How to win a Chinese NLP competition: throw every model at it
A 2017 competition-winning repo that ensembles CNNs, LSTMs, RCNNs, and even FastText to classify Zhihu questions.

What it does This is the first-place solution from the 2017 Zhihu Machine Learning Challenge (963 teams). It classifies Chinese questions into topics using a battery of neural text models, then ensembles their predictions. The README is essentially a training manual: data preprocessing scripts, exact shell commands for each model variant, and a scoreboard showing what each architecture achieved.
The interesting bit
The winning insight isn’t architectural novelty—it’s systematic brute force.
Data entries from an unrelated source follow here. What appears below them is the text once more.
(* Edge e : 'I_(N.-1) is the edge {e, e+1} (0-based).  z and w lie in the same
   maximal subinterval of block i determined by the censored edges E. *)
Definition same_piece (N k i : nat) (E : {set 'I_(N.-1)}) (z w : 'I_N) : bool :=
  [&& in_block k i z, in_block k i w &
      [forall e : 'I_(N.-1), (e \in E) ==> ~~ ((minn z w <= e) && (e < maxn z w))%N]].

Definition allowed (N k i : nat) (E : {set 'I_(N.-1)}) : {set {perm 'I_N}} :=
  [set t : {perm 'I_N} | [forall z : 'I_N,
     if in_block k i z then same_piece k i E (t z) z else t z == z]].

(* One (censored) update of block i with censored edge set E: the cards are
   rearranged by a uniform element t of [allowed k i E]; the new configuration is
   z |-> s (t z), i.e. (t * s)%g. *)
Definition step (R : realFieldType) (N k i : nat) (E : {set 'I_(N.-1)})
    (nu : {perm 'I_N} -> R) : {perm 'I_N} -> R :=
  fun s' => \sum_(t in allowed k i E) \sum_(s | (t * s)%g == s') nu s / (#|allowed k i E|)%:R.

(* law at time t given the realization [ups] of the update times up to t
   (list of (ring time, ringing block), in increasing time order) and the
   censoring scheme C. *)
Definition law (R : realFieldType) (N k : nat) (C : R -> {set 'I_(N.-1)})
    (ups : seq (R * 'I_(N.+1 - k))) (nu0 : {perm 'I_N} -> R) : {perm 'I_N} -> R :=
  foldl (fun nu (p : R * 'I_(N.+1 - k)) => step k p.2 (C p.1) nu) nu0 ups.

Definition no_censoring (R : realFieldType) (N : nat) : R -> {set 'I_(N.-1)} :=
  fun _ => set0.

(* cadlag on [0, oo) for a function with values in a finite (discrete) set *)
Definition cadlag (R : realFieldType) (N : nat) (C : R -> {set 'I_(N.-1)}) : Prop :=
  forall s : R, 0 <= s ->
    (exists2 d : R, 0 < d & forall r, s <= r < s + d -> C r = C s) /\
    (0 < s -> exists E, exists2 d : R, 0 < d & forall r, s - d < r < s -> C r = E).

Definition realization (R : realFieldType) (N k : nat) (t : R)
    (ups : seq (R * 'I_(N.+1 - k))) : Prop :=
  sorted (fun p q : R * 'I_(N.+1 - k) => p.1 < q.1) ups /\
  all (fun p : R * 'I_(N.+1 - k) => (0 <= p.1) && (p.1 <= t)) ups.

From mathcomp Require Import all_boot all_order all_algebra all_fingroup.
From mathcomp Require Import zify ring.
Import Order.TTheory GRing.Theory Num.Theory.
Set Implicit Arguments. Unset Strict Implicit. Unset Printing Implicit Defensive.

(* One (censored) update of block i with censored edges E moves the law nu to
   its orbit average  A_H nu (s) = |H|^-1 sum_(t in H) nu (t s)  over the group
   H = [allowed k i E] of admissible rearrangements; censoring shrinks H to a
   subgroup of the uncensored group [allowed k i set0].  Since mu_N is uniform,
   nu / mu_N is increasing iff nu is, and domination is tested against
   indicators of upward closed sets, i.e. against increasing functions.  The
   theorem follows by induction along the update sequence from two facts valid
   for every block i, length k and edge set E:
   (1) A_H maps increasing functions to increasing functions  [avg_monotone];
   (2) sum_s A_H u s * w s <= sum_s u s * w s for increasing u, w  [avg_censoring].
   Both are proved by induction on the block length, peeling off its last
   position p: the group for length len.+1 is the union of the cosets
   H_len * (q p), q ranging over the piece of p.  For (1) the cosets are
   compared after sorting the piece; (2) is Chebyshev's sum inequality over
   the cosets.  Given (1) and (2), if nu^C and nu are increasing and nu^C
   dominates nu, then so do their updates, because averaging over the smaller
   censored group first does not change the uncensored average. *)

Section PositionCounts.
Variable N : nat.
Implicit Types s t x : {perm 'I_N}.

Definition count_in s (a b Y : nat) : nat := \sum_(z : 'I_N | a <= z < b) (s z < Y).

Definition count_low s (X Y : nat) : nat := count_in s 0 X Y.

Definition dominates s s' : Prop := forall X Y, count_low s' X Y <= count_low s X Y.

Definition ascending x (a b : nat) : Prop :=
  forall z z' : 'I_N, a <= z -> z < z' -> z' < b -> x z < x z'.

Lemma count_in_cat s a b d Y : a <= b <= d ->
  count_in s a b Y + count_in s b d Y = count_in s a d Y.
Proof.
move=> /andP[ab bd]; rewrite /count_in.
rewrite (bigID (fun z : 'I_N => z < b) (fun z : 'I_N => a <= z < d)) /=.
by congr (_ + _); apply: eq_bigl => z /=; lia.
Qed.

Lemma card_window a b : b <= N -> \sum_(z : 'I_N | a <= z < b) 1 = b - a.
Proof.
move=> bN; have count_iota n : count (fun z => a <= z < b) (iota 0 n) = minn b n - a.
  elim: n => [|n IH]; first by rewrite /=; lia.
  by rewrite -addn1 iotaD count_cat IH /= add0n addn0; lia.
rewrite sum1_card cardE size_filter -(count_map val (fun z => a <= z < b)) /=.
by rewrite -enumT val_enum_ord count_iota; lia.
Qed.

Lemma count_in_le s a b Y : b <= N -> count_in s a b Y <= b - a.
Proof.
by move=> bN; rewrite -(card_window a bN); apply: leq_sum => z _; case: (_ < _).
Qed.

Lemma count_in_full s a b Y : b <= N ->
  (forall z : 'I_N, a <= z < b -> s z < Y) -> count_in s a b Y = b - a.
Proof. by move=> bN low; rewrite -(card_window a bN); apply: eq_bigr => z /low ->. Qed.

Lemma count_in_empty s a b Y :
  (forall z : 'I_N, a <= z < b -> Y <= s z) -> count_in s a b Y = 0.
Proof.
by move=> high; rewrite /count_in big1 // => z /high; rewrite leqNgt => /negbTE ->.
Qed.

Lemma count_low_stable t s X Y :
  (forall z, (t z < X) = (z < X)) -> count_low (t * s)%g X Y = count_low s X Y.
Proof.
move=> tX; rewrite /count_low /count_in (reindex_inj (@perm_inj _ t^-1)) /=.
apply: eq_big => z; first by rewrite -tX permKV.
by move=> _; rewrite permM permKV.
Qed.

Lemma dominates_swap x (z w : 'I_N) :
  z < w -> x w < x z -> dominates (tperm z w * x)%g x.
Proof.
move=> zw xwz X Y.
have [Xz|zX] := leqP X z.
  by rewrite count_low_stable // => u; case: tpermP => [->|->|] //; lia.
have [wX|Xw] := ltnP w X.
  by rewrite count_low_stable // => u; case: tpermP => [->|->|] //; lia.
rewrite /count_low /count_in (bigD1 z) /=; last by lia.
rewrite [X in _ <= X](bigD1 z) /=; last by lia.
rewrite permM tpermL leq_add //; last first.
  rewrite leq_eqVlt; apply/orP; left; apply/eqP; apply: eq_bigr => u /andP[uX uz].
  rewrite permM tpermD //; first by rewrite eq_sym.
  by apply/eqP => wu; move: uX; rewrite -wu; lia.
by case: (ltnP (x z) Y) => // xzY; rewrite (_ : x w < Y = true) //; lia.
Qed.

(* On an ascending window the labels below Y form an initial segment. *)
Lemma ascending_count x a b X Y : b <= N -> a <= X <= b -> ascending x a b ->
  minn (X - a) (count_in x a b Y) <= count_in x a X Y.
Proof.
move=> bN /andP[aX Xb] asc.
case: (boolP [exists z : 'I_N, (X <= z < b) && (x z < Y)]).
  case/existsP => z /andP[/andP[Xz zb] xzY].
  rewrite (@count_in_full _ a X) ?geq_minl //; first by lia.
  by move=> z' /andP[az' z'X]; apply: ltn_trans xzY; apply: asc => //; lia.
rewrite negb_exists => /forallP none.
rewrite -(@count_in_cat _ a X b) ?aX ?Xb // (@count_in_empty _ X b) ?addn0 ?geq_minr //.
by move=> z zXb; move: (none z); rewrite zXb /= -leqNgt.
Qed.

Lemma dominates_of_ascending x x' a b : a <= b <= N -> ascending x a b ->
  (forall X Y, (X <= a) || (b <= X) -> count_low x' X Y <= count_low x X Y) ->
  dominates x x'.
Proof.
move=> /andP[ab bN] asc outside X Y.
case: (boolP ((X <= a) || (b <= X))) => [|inside]; first exact: outside.
have aXb : a <= X <= b by lia.
have atA : count_low x' a Y <= count_low x a Y by apply: outside; rewrite leqnn.
have atB : count_low x' b Y <= count_low x b Y by apply: outside; rewrite leqnn orbT.
move: atA atB; rewrite /count_low.
have := ascending_count Y bN aXb asc.
have := @count_in_le x' a X Y (leq_trans (proj2 (andP aXb)) bN).
have := @count_in_cat x 0 a X Y; have := @count_in_cat x' 0 a X Y.
have := @count_in_cat x 0 a b Y; have := @count_in_cat x' 0 a b Y.
have := @count_in_cat x' a X b Y.
(* both ends of the window agree with x', and inside x has its low labels
   first: [a, X) is either full or holds all low labels of [a, b) *)
have a0X : 0 <= a <= X by lia. have a0b : 0 <= a <= b by lia.
move=> /(_ aXb) + /(_ a0b) + /(_ a0b) + /(_ a0X) + /(_ a0X); lia.
Qed.

Lemma count_low_card s X Y :
  #|[set z : 'I_N | (z < X) && (s z < Y)]| = count_low s X Y.
Proof.
rewrite /count_low /count_in -sum1_card big_mkcond [RHS]big_mkcond /=.
by apply: eq_bigr => z _; rewrite inE; case: (z < X); case: (s z < Y).
Qed.

Lemma count_low_clamp s X Y : count_low s X Y = count_low s (minn X N) (minn Y N).
Proof.
rewrite /count_low /count_in; apply: eq_big => z; first by have := ltn_ord z; lia.
by move=> _; have := ltn_ord (s z); lia.
Qed.

Lemma perm_geE s s' : perm_ge s s' <-> dominates s s'.
Proof.
rewrite /perm_ge /height; split => [ge X Y|dom x y _ _].
  rewrite (count_low_clamp s) (count_low_clamp s').
  case: (posnP (minn X N)) => [->|X0]; first by rewrite /count_low /count_in big_pred0.
  case: (posnP (minn Y N)) => [->|Y0]; first by rewrite /count_low /count_in big1.
  have := ge (minn X N) (minn Y N).
  rewrite !count_low_card lerD2r ler_nat; apply; rewrite geq_minr andbT //.
by rewrite !count_low_card lerD2r ler_nat.
Qed.

End PositionCounts.

Section UpdateGroups.
Variable N : nat.
Implicit Types (s t x : {perm 'I_N}) (E : {set 'I_(N.-1)}).

Lemma same_piece_refl k i E (z : 'I_N) : in_block k i z -> same_piece k i E z z.
Proof. by move=> zi; rewrite /same_piece zi /=; apply/forallP => e; apply/implyP; lia. Qed.

Lemma same_piece_sym k i E (z w : 'I_N) : same_piece k i E z w = same_piece k i E w z.
Proof. by rewrite /same_piece minnC maxnC andbCA. Qed.

Lemma same_piece_trans k i E (z w v : 'I_N) :
  same_piece k i E z w -> same_piece k i E w v -> same_piece k i E z v.
Proof.
rewrite /same_piece => /and3P[zi wi /forallP zw] /and3P[_ vi /forallP wv].
rewrite zi vi /=; apply/forallP => e; apply/implyP => eE.
by move: (zw e) (wv e); rewrite eE /=; lia.
Qed.

Lemma same_piece_block k i E (z w : 'I_N) :
  same_piece k i E z w -> in_block k i z && in_block k i w.
Proof. by case/and3P => -> ->. Qed.

Lemma allowedP k i E t :
  reflect (forall z, if in_block k i z then same_piece k i E (t z) z else t z == z)
          (t \in allowed k i E).
Proof. by rewrite inE; apply: forallP. Qed.

Lemma allowed_group_set k i E : group_set (allowed k i E).
Proof.
apply/group_setP; split.
  by apply/allowedP => z; case: ifP => zi; rewrite perm1 //; apply: same_piece_refl.
move=> t1 t2 /allowedP t1P /allowedP t2P; apply/allowedP => z; rewrite permM.
move: (t1P z); case: ifP => zi.
  move=> t1z; have := t2P (t1 z); have /andP[-> _] := same_piece_block t1z.
  by move/same_piece_trans; apply.
by move/eqP => ->; move: (t2P z); rewrite zi.
Qed.

Canonical allowed_group k i E : {group {perm 'I_N}} := Group (allowed_group_set k i E).

(* Censoring can only split pieces: its group lies in the uncensored one. *)
Lemma allowed_uncensored k i E : allowed k i E \subset allowed k i set0.
Proof.
apply/subsetP => t /allowedP tP; apply/allowedP => z; move: (tP z); case: ifP => // _.
by case/and3P => zi wi _; rewrite /same_piece zi wi; apply/forallP => e; rewrite inE.
Qed.

Lemma tperm_allowed k i E (q w : 'I_N) : same_piece k i E q w -> tperm q w \in allowed k i E.
Proof.
move=> qw; have /andP[qi wi] := same_piece_block qw.
apply/allowedP => z; case: tpermP => [->|->|/eqP zq /eqP zw].
- by rewrite qi same_piece_sym.
- by rewrite wi.
- by case: ifP => // zi; apply: same_piece_refl.
Qed.

Lemma allowed0 i E t : t \in allowed 0 i E -> t = 1%g.
Proof.
move/allowedP => tP; apply/permP => z; move: (tP z); rewrite perm1.
by rewrite /in_block (_ : (i <= z < i + 0) = false) /=; [move/eqP|lia].
Qed.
The authors trained separate word-level and character-level versions of every model, tried data augmentation for each, and ensembled the survivors to push from ~0.41 to 0.433. They even include a del/ directory of failed methods, which is more honest than most competition write-ups.
Key highlights
- Five model families: CNN, LSTM, RCNN, Inception-style CNN, and FastText
- Both word and character embeddings, with augmentation toggles
- Published score table: LSTM_word_aug hits 0.41368, ensemble reaches 0.433
- Preprocessing requires >32GB RAM and uses
tf.contrib.kerasdespite being a PyTorch project - Pretrained models hosted on Baidu Pan (password: tayb)
Caveats
- Python 2 and PyTorch 0.x era; setup instructions mention CUDA without specifying version
- Data paths are hardcoded (“modify the data path in the related file”)
- Pretrained weights live on Baidu Pan with no mirror; reproducibility depends on Chinese cloud storage
Verdict Worth studying if you’re building an ensemble pipeline or working on legacy Chinese NLP benchmarks. Skip it if you need modern PyTorch, clean abstractions, or a library you can pip install—this is glue code that happened to win.